Le titulaire sortant, Frédéric Cuvillier, souhaitait selon nos informations conserver son ancien portefeuille. Bien réélu à Boulogne-sur-Mer, apprécié dans les milieux professionnels des transports, il espérait toutefois un ministère de plein exercice. Dans un premier temps, toujours selon nos informations, il a décliné toute offre autre qu'un ministère. Et, en fervent promoteur de l'écotaxe, il a commencé par critiquer vertement les premières positions de Ségolène Royal. « Je m'étonne que l'#écotaxe vienne d'être présentée comme un impôt nouveau. C'est tout le contraire. Alors quelles recettes nouvelles ? », puis : « La remise à plat ? Ça veut dire quoi ? A la veille du rapport que la mission parlementaire doit rendre…», écrivait-il le 3 avril sur son compte Twitter.

Vendredi dernier, on cherchait donc toujours un titulaire qui soit « Ségo-compatible ». Ce qui n'avait pas l'air simple. Le nom d'Annick Lepetit circulait avec insistance. Ancienne adjointe de Bertrand Delanoë chargé des Transports, aujourd'hui députée de la 3e circonscription de Paris, porte-parole du groupe socialiste à l'Assemblée nationale et membre du Conseil de Paris, elle a notamment porté le projet Autolib'.

Mais revirement ce week-end.

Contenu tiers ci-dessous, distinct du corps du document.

(* Let $\mathcal{A}$ be an almost disjoint family of infinite subsets of $\mathbb{N}$ which is closed as a subset of $2^{\mathbb{N}}$, and let $\mathcal{I}(\mathcal{A})$ be the ideal generated by $\mathcal{A}$ (together with the finite sets). Then $\mathcal{I}(\mathcal{A})$ is uniformly selective.
   Context: A family of infinite subsets of $\mathbb{N}$ is almost disjoint if any two distinct members have finite intersection. $\mathcal{I}(\mathcal{A})$ consists of the sets $x\subseteq\mathbb{N}$ such that $x\setminus(a_1\cup\dots\cup a_k)$ is finite for some $a_1,\dots,a_k\in\mathcal{A}$. For $x\subseteq\mathbb{N}$, $x/n=\{m\in x:m>n\}$. An ideal $\mathcal{I}$ is uniformly selective if there is a Borel function $H:(2^{\mathbb{N}})^{\mathbb{N}}\to2^{\mathbb{N}}$ such that for every $\subseteq$-decreasing sequence $(x_n)_n$ of sets not in $\mathcal{I}$, $x=H((x_n)_n)\notin\mathcal{I}$ and $x/n\subseteq x_n$ for all $n\in x$. *)

From Stdlib Require Import List Bool.
Import ListNotations.

(** Subsets of N as points of the Cantor space 2^N. *)
Definition cantor := nat -> bool.

Definition finite_set (x : cantor) : Prop :=
  exists N, forall m, x m = true -> m < N.
Definition infinite_set (x : cantor) : Prop := ~ finite_set x.

Definition open_cantor (U : cantor -> Prop) : Prop :=
  forall x, U x -> exists n, forall y, (forall i, i < n -> y i = x i) -> U y.
Definition closed_cantor (A : cantor -> Prop) : Prop :=
  open_cantor (fun x => ~ A x).

Definition open_seq (U : (nat -> cantor) -> Prop) : Prop :=
  forall s, U s -> exists n, forall t,
      (forall i j, i < n -> j < n -> t i j = s i j) -> U t.

(** Borel sets of a space with a given family of open sets: the
    sigma-algebra generated by the open sets (closure under extensional
    equality of predicates is included for robustness). *)
Inductive Borel {X : Type} (op : (X -> Prop) -> Prop) : (X -> Prop) -> Prop :=
| Borel_open : forall U, op U -> Borel op U
| Borel_compl : forall A, Borel op A -> Borel op (fun x => ~ A x)
| Borel_union : forall A : nat -> X -> Prop,
    (forall n, Borel op (A n)) -> Borel op (fun x => exists n, A n x)
| Borel_ext : forall A B, Borel op A -> (forall x, A x <-> B x) -> Borel op B.

Definition Borel_function (H : (nat -> cantor) -> cantor) : Prop :=
  forall U, open_cantor U -> Borel open_seq (fun s => U (H s)).

Definition almost_disjoint (A : cantor -> Prop) : Prop :=
  (forall a, A a -> infinite_set a) /\
  (forall a b, A a -> A b -> a <> b ->
     finite_set (fun m => a m && b m)).

Definition union_list (l : list cantor) : cantor :=
  fun m => existsb (fun a => a m) l.

(** The ideal I(A): x \ (a_1 u ... u a_k) is finite for some
    a_1,...,a_k in A (k = 0 allowed, giving the finite sets). *)
Definition ideal_gen (A : cantor -> Prop) (x : cantor) : Prop :=
  exists l : list cantor, (forall a, In a l -> A a) /\
    finite_set (fun m => x m && negb (union_list l m)).

Definition uniformly_selective (I : cantor -> Prop) : Prop :=
  exists H : (nat -> cantor) -> cantor, Borel_function H /\
    forall xs : nat -> cantor,
      (forall n m, xs (S n) m = true -> xs n m = true) ->
      (forall n, ~ I (xs n)) ->
      ~ I (H xs) /\
      (forall n, H xs n = true ->
         forall m, n < m -> H xs m = true -> xs n m = true).

(* The selector cuts, from a descending sequence [(xs n)] of sets outside
   I(A), a set [x] made of consecutive finite blocks: block [j] lies above the
   maximum [k] of the previous one, inside [xs k], is pairwise chained
   ([n < m] in the block implies [xs n m]), and is covered by no [j] members
   of A.  Taking the admissible block with least code makes every bit of [x]
   a Borel function of [(xs n)].  Chaining gives [x/n ⊆ xs n] for [n ∈ x],
   and block [j] meets the complement of any [a_1 ∪ ... ∪ a_j] above [j], so
   [x ∉ I(A)].

   Admissible blocks exist: some infinite chain through [(xs n)] has range
   outside I(A) -- it either visits infinitely many members of A meeting every
   [xs n] in an infinite set, or is almost disjoint from all of A -- and since
   A is closed, A^j is compact, so a finite segment of that chain already
   escapes every [j]-tuple from A. *)

From Stdlib Require Import List Bool Arith Lia Classical ClassicalEpsilon Wf_nat.
From Stdlib Require Cantor FinFun.
Import ListNotations.

Definition bool_of_prop (P : Prop) : bool :=
  if excluded_middle_informative P then true else false.

Lemma bool_of_prop_true (P : Prop) : bool_of_prop P = true <-> P.
Proof.
  unfold bool_of_prop; destruct (excluded_middle_informative P); split; auto; discriminate.
Qed.

(* The least witness of [P], and [0] when there is none; making the
   default explicit keeps [least] a Borel function of a Borel family [P]. *)
Definition least (P : nat -> Prop) : nat :=
  if excluded_middle_informative (exists n, P n)
  then epsilon (inhabits 0) (fun n => P n /\ forall m, P m -> n <= m)
  else 0.

Lemma exists_least (P : nat -> Prop) :
  (exists n, P n) -> exists n, P n /\ forall m, P m -> n <= m.
Proof.
  intros hP.
  destruct (dec_inh_nat_subset_has_unique_least_element P (fun n => classic (P n)) hP)
    as [n [hn _]].
  exists n; exact hn.
Qed.

Lemma least_spec (P : nat -> Prop) :
  (exists n, P n) -> P (least P) /\ forall m, P m -> least P <= m.
Proof.
  intros hP. unfold least.
  destruct (excluded_middle_informative _) as [_|]; [|contradiction].
  apply epsilon_spec, exists_least, hP.
Qed.

Lemma least_eq_iff (P : nat -> Prop) v :
  least P = v <-> (P v /\ forall m, P m -> v <= m) \/ (~ (exists n, P n) /\ v = 0).
Proof.
  destruct (classic (exists n, P n)) as [hP|hP].
  - destruct (least_spec P hP) as [hl hmin]. split.
    + intros <-. left; auto.
    + intros [[hv hvmin]|[]]; [|contradiction].
      specialize (hmin v hv); specialize (hvmin _ hl); lia.
  - unfold least. destruct (excluded_middle_informative _); [contradiction|].
    split; [intros <-; right; auto|intros [[hv _]|[_ <-]]; [exfalso; eauto|reflexivity]].
Qed.

(** * Finite sets and the ideal *)

Lemma finite_set_sub (x y : cantor) :
  finite_set y -> (forall m, x m = true -> y m = true) -> finite_set x.
Proof. intros [N hN] hxy. exists N. auto. Qed.

Lemma finite_set_or (x y : cantor) :
  finite_set x -> finite_set y -> finite_set (fun m => x m || y m).
Proof.
  intros [N1 h1] [N2 h2]. exists (N1 + N2). intros m hm.
  apply orb_true_iff in hm as [hm|hm]; [apply h1 in hm|apply h2 in hm]; lia.
Qed.

Lemma infinite_set_unbounded (x : cantor) :
  infinite_set x -> forall N, exists m, N < m /\ x m = true.
Proof.
  intros hx N. apply NNPP. intros hN. apply hx. exists (S N). intros m hm.
  destruct (Nat.lt_ge_cases N m); [exfalso; eauto|lia].
Qed.

Lemma infinite_set_of_unbounded (x : cantor) :
  (forall N, exists m, N <= m /\ x m = true) -> infinite_set x.
Proof. intros hx [N hN]. destruct (hx N) as [m [hm hxm]]. apply hN in hxm. lia. Qed.

Lemma union_list_true l m : union_list l m = true <-> exists a, In a l /\ a m = true.
Proof. apply existsb_exists. Qed.

Lemma union_list_app l l' m : union_list (l ++ l') m = union_list l m || union_list l' m.
Proof. apply existsb_app. Qed.

Lemma finite_meet_union (x : cantor) l :
  (forall a, In a l -> finite_set (fun m => x m && a m)) ->
  finite_set (fun m => x m && union_list l m).
Proof.
  induction l as [|a l IH]; intros hl.
  - exists 0. intros m hm. rewrite andb_false_r in hm. discriminate.
  - apply (finite_set_sub _ _
      (finite_set_or _ _ (hl a (or_introl eq_refl)) (IH (fun b hb => hl b (or_intror hb))))).
    intros m. cbn. destruct (x m), (a m); auto.
Qed.

Lemma not_ideal_infinite (A : cantor -> Prop) (x : cantor) :
  ~ ideal_gen A x -> infinite_set x.
Proof.
  intros hx hfin. apply hx. exists []. split; [intros a []|].
  apply (finite_set_sub _ _ hfin). intros m. cbn. destruct (x m); auto.
Qed.

Lemma not_ideal_of_finite_meets (A : cantor -> Prop) (x : cantor) :
  infinite_set x -> (forall a, A a -> finite_set (fun m => x m && a m)) ->
  ~ ideal_gen A x.
Proof.
  intros hinf hmeet [l [hl hout]]. apply hinf.
  apply (finite_set_sub _ _
    (finite_set_or _ _ hout (finite_meet_union x l (fun a ha => hmeet a (hl a ha))))).
  intros m hm. rewrite hm. cbn. destruct (union_list l m); auto.
Qed.

Lemma ideal_meet_finite (A : cantor -> Prop) (x b : cantor) l :
  almost_disjoint A -> (forall a, In a l -> A a) ->
  finite_set (fun m => x m && negb (union_list l m)) ->
  A b -> ~ In b l -> finite_set (fun m => x m && b m).
Proof.
  intros [_ had] hl hout hb hbl.
  assert (hbU : finite_set (fun m => b m && union_list l m)).
  { apply finite_meet_union. intros a ha.
    apply had; auto. intros <-. contradiction. }
  apply (finite_set_sub _ _ (finite_set_or _ _ hout hbU)).
  intros m. destruct (x m), (b m), (union_list l m); auto.
Qed.

Lemma exists_code (P : nat -> Prop) N :
  (forall m, P m -> m < N) -> exists e, forall m, Nat.testbit e m = true <-> P m.
Proof.
  intros hP.
  assert (hcode : forall N, exists e, forall m, Nat.testbit e m = true <-> m < N /\ P m).
  { clear. induction N as [|N [e he]].
    - exists 0. intros m. rewrite Nat.bits_0. split; [discriminate|lia].
    - destruct (classic (P N)) as [hN|hN].
      + exists (Nat.setbit e N). intros m. rewrite Nat.setbit_iff, he. split.
        * intros [<-|[hm hPm]]; split; auto.
        * intros [hm hPm]. destruct (Nat.eq_dec N m); [left|right; split]; auto; lia.
      + exists e. intros m. rewrite he. split; [intros [hm hPm]; split; auto|].
        intros [hm hPm]. split; auto. destruct (Nat.eq_dec N m); [subst; contradiction|lia]. }
  destruct (hcode N) as [e he]. exists e. intros m. rewrite he. split; [tauto|].
  intros hm; split; auto.
Qed.
(* Let $\mathcal{A}=(Q,\Sigma,\delta)$ be a DFA with $Q=\{1,\dots,n\}$. Fix positive integers $d_1,d_2$ and non-empty sets of words $W_1\subseteq\Sigma^{\le d_1}$, $W_2\subseteq\Sigma^{\le d_2}$. Let $R=\{q.w\mid q\in Q,\ w\in W_1\}$ and let $\mathcal{B}=\mathcal{A}_c(W_1,W_2)=(R,W_2W_1,\delta_{\mathcal{B}})$ be the DFA with state set $R$, whose alphabet is the finite set $W_2W_1=\{w_2w_1\mid w_2\in W_2,w_1\in W_1\}$ (each such word treated as a single letter), and $\delta_{\mathcal{B}}(q,w)=q.w$. Let $P_1,P_2$ be positive probability distributions on $W_1,W_2$, put $[P_i]=\sum_{w\in W_i}P_i(w)[w]$, and let $\alpha\in V_R$ be a stochastic vector (non-negative entries summing to $1$, supported on $R$) with $\alpha[P_2][P_1]=\alpha$. Suppose that $W_2W_1$ is complete for $V_R$ with respect to $\alpha$, and that $w_0\in\Sigma^*$ satisfies $Q.w_0=R$. Then: (1) for every $x\in V_R\setminus\langle [R]\rangle$ there exists $w\in W_2W_1$ with $(x,\alpha[w])>(x,\alpha)$; (2) $\mathcal{B}$ is synchronizing and $\mathrm{rt}(\mathcal{B})\le \mathrm{DS}(\alpha)-1$; (3) $\mathcal{A}$ is synchronizing, and $\mathrm{rt}(\mathcal{A})\le |w_0|+\mathrm{rt}(\mathcal{B})(d_1+d_2)\le |w_0|+(\mathrm{DS}(\alpha)-1)(d_1+d_2)$ if $R\ne Q$, while $\mathrm{rt}(\mathcal{A})\le 1+(\mathrm{DS}(\alpha)-2)(d_1+d_2)$ if $R=Q$.
   Context: A DFA $\mathcal{A}=(Q,\Sigma,\delta)$ has a finite non-empty state set $Q$, finite non-empty alphabet $\Sigma$ and total transition function $\delta:Q\times\Sigma\to Q$, extended to words; $q.w=\delta(q,w)$ and $S.w=\{q.w\mid q\in S\}$. $\Sigma^{\le c}$ is the set of words of length at most $c$. A reset word is a word $w$ with $|Q.w|=1$; $\mathcal{A}$ is synchronizing if it has one, and $\mathrm{rt}(\mathcal{A})$ (reset threshold) is the length of a shortest reset word. With $Q=\{1,\dots,n\}$, vectors in $\mathbb{R}^n$ are row vectors; $[K]\in\mathbb{R}^n$ is the characteristic vector of $K\subseteq Q$ and $[q]=[\{q\}]$. For a word $w$, $[w]$ is the $n\times n$ 0-1 matrix with $[w]_{p,q}=1$ iff $p.w=q$, so $[uv]=[u][v]$. $(\cdot,\cdot)$ is the standard inner product, $\langle\cdot\rangle$ linear span. For $S\subseteq Q$, $V_S=\langle [p]\mid p\in S\rangle$. A set of words $W$ is complete for a subspace $V\le\mathbb{R}^n$ with respect to $g\in V$ if $\langle g[w]\mid w\in W\rangle=V$. For a non-negative vector $g\in\mathbb{R}^n$, $\mathrm{DS}(g)=|\{(g,z)\mid z\in\{0,1\}^n\}|-1$ (the number of distinct positive subset sums of entries of $g$). *)

From HB Require Import structures.
From mathcomp Require Import all_boot all_order all_algebra.
Set Implicit Arguments. Unset Strict Implicit. Unset Printing Implicit Defensive.
Import Order.TTheory GRing.Theory Num.Theory.
Local Open Scope ring_scope.
(* If M \ H were a Segre product of affine spaces, then through every point
   there would be a line parallel to any given line.  Transported back to
   M \ H, a parallel through x ∉ H to the affine part of a line N ⊄ H has the
   same point at infinity as N; so every point of H lying on a line not
   contained in H is collinear with every point off H.  As H is spiky, this
   applies to every point of H.  But with at least two factors there are
   p ∈ H and x ∉ H differing in two coordinates, hence not collinear. *)

From Stdlib Require Import Classical ClassicalEpsilon FunctionalExtensionality
  PropExtensionality Eqdep.

Definition thick {P : Type} (Lin : (P -> Prop) -> Prop) : Prop :=
  forall L, Lin L -> exists x y z, L x /\ L y /\ L z /\ x <> y /\ x <> z /\ y <> z.

Definition parallels_exist {P : Type} (Lin : (P -> Prop) -> Prop)
  (Par : (P -> Prop) -> (P -> Prop) -> Prop) : Prop :=
  forall L p, Lin L -> exists K, Lin K /\ Par K L /\ K p.

Lemma thick_avoid {P : Type} (Lin : (P -> Prop) -> Prop) L (a b : P) :
  thick Lin -> Lin L -> exists t, L t /\ t <> a /\ t <> b.
Proof.
  intros Hthick HL.
  destruct (Hthick L HL) as [x [y [z [Lx [Ly [Lz [dxy [dxz dyz]]]]]]]].
  destruct (classic (x = a)) as [<-|xa]; destruct (classic (x = b)) as [<-|xb].
  - exists y; auto.
  - destruct (classic (y = b)) as [<-|yb]; [exists z | exists y]; auto.
  - destruct (classic (y = a)) as [<-|ya]; [exists z | exists y]; auto.
  - exists x; auto.
Qed.

Lemma same_of_two_common_points {P : Type} (Lin : (P -> Prop) -> Prop) L K x y :
  partial_linear_space P Lin -> Lin L -> Lin K -> x <> y ->
  L x -> L y -> K x -> K y -> same L K.
Proof.
  intros [_ [_ Honce]] HL HK dxy Lx Ly Kx Ky.
  apply NNPP; intro nLK. exact (dxy (Honce L K HL HK nLK x y Lx Ly Kx Ky)).
Qed.

Lemma affine_parallels_exist (P : Type) Lin Par :
  affine_space P Lin Par -> parallels_exist Lin Par.
Proof. intros (_ & _ & _ & _ & _ & _ & Hpar & _). exact Hpar. Qed.

Lemma image_preimage {X Y : Type} (f : X -> Y) (g : Y -> X) (W : Y -> Prop) :
  (forall y, f (g y) = y) -> image f (preimage f W) = W.
Proof.
  intro fg. apply functional_extensionality; intro y.
  apply propositional_extensionality; split.
  - intros [x [Wfx <-]]. exact Wfx.
  - intro Wy. exists (g y). unfold preimage. rewrite fg. auto.
Qed.

Lemma parallels_exist_iso {X Y : Type} LX PX LY PY (f : X -> Y) :
  isomorphism LX PX LY PY f -> parallels_exist LY PY -> parallels_exist LX PX.
Proof.
  intros [[g [_ fg]] [HLX [HLY [HPX _]]]] Hpar Z x HZ.
  destruct (Hpar (image f Z) (f x) (HLX Z HZ)) as [W [HW [WZ Wfx]]].
  exists (preimage f W). split; [now apply HLY|]. split; [|exact Wfx].
  apply HPX; [now apply HLY | exact HZ |].
  rewrite (image_preimage f g W fg). exact WZ.
Qed.

Section HyperplaneComplement.

Variables (P : Type) (Lin : (P -> Prop) -> Prop) (H : P -> Prop).
Hypothesis Hpls : partial_linear_space P Lin.
Hypothesis Hthick : thick Lin.
Hypothesis Hsub : subspace Lin H.

Lemma subspace_line_meets_once N y a b :
  Lin N -> N y -> ~ H y -> N a -> N b -> H a -> H b -> a = b.
Proof.
  intros HN Ny Hy Na Nb Ha Hb. apply NNPP; intro dab.
  apply Hy. apply (Hsub N HN); auto. exists a, b; auto.
Qed.

Lemma line_two_points_off_subspace N :
  Lin N -> ~ (forall x, N x -> H x) ->
  exists u v, u <> v /\ N u /\ N v /\ ~ H u /\ ~ H v.
Proof.
  intros HN HNH.
  destruct (not_all_ex_not _ _ HNH) as [y Hy].
  apply imply_to_and in Hy. destruct Hy as [Ny Hy].
  destruct (thick_avoid Lin N y y Hthick HN) as [z [Nz [zy _]]].
  destruct (classic (H z)) as [Hz|Hz]; [|exists y, z; auto].
  destruct (thick_avoid Lin N y z Hthick HN) as [w [Nw [wy wz]]].
  exists y, w. repeat split; auto.
  intro Hw. exact (wz (subspace_line_meets_once N y w z HN Ny Hy Nw Nz Hw Hz)).
Qed.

Frédéric Cuvillier n'écarterait plus finalement l'éventualité de figurer parmi les secrétaires d'Etat qui seront nommés le 9 avril. « Quelles que soient les responsabilités, si elles sont utiles à Boulogne et à l'agglomération, nous devons les accepter », a-t-il déclaré le 5 avril. Et dans la foulée d'expliquer que ses propos sur Twitter avaient été mal interprétés, ajoutant que Ségolène Royal avait « raison de parler de ces sujets aux Français ».

Frédéric Cuvillier maintenu aux Transports ? La nouvelle serait certainement bien accueillie par les milieux professionnels. L'ancien ministre connaît bien les dossiers et vu la lourdeur de certains d'entre eux (réforme ferroviaire, projets d'infrastructures, et bien sûr écotaxe) et la nécessité d'avancer vite, sa confirmation donnerait du sens à ce « nouveau gouvernement de combat ».

Quant à Ségolène Royal, elle nommait à son cabinet, le 4 avril, Jean-Louis Bianco conseiller spécial, Jean-Luc Fulachier directeur de cabinet et Francis Rol-Tanguy chargé de mission.

Jean-Louis Bianco, ancien ministre de l'Equipement et des transports, est un fidèle soutien politique de Ségolène Royal. Jean-Luc Fulachier était auprès d'elle directeur général des services à la région Poitou-Charentes. Francis Rol-Tanguy lui cède le poste de directeur de cabinet qu'il occupait auprès de Philippe Martin.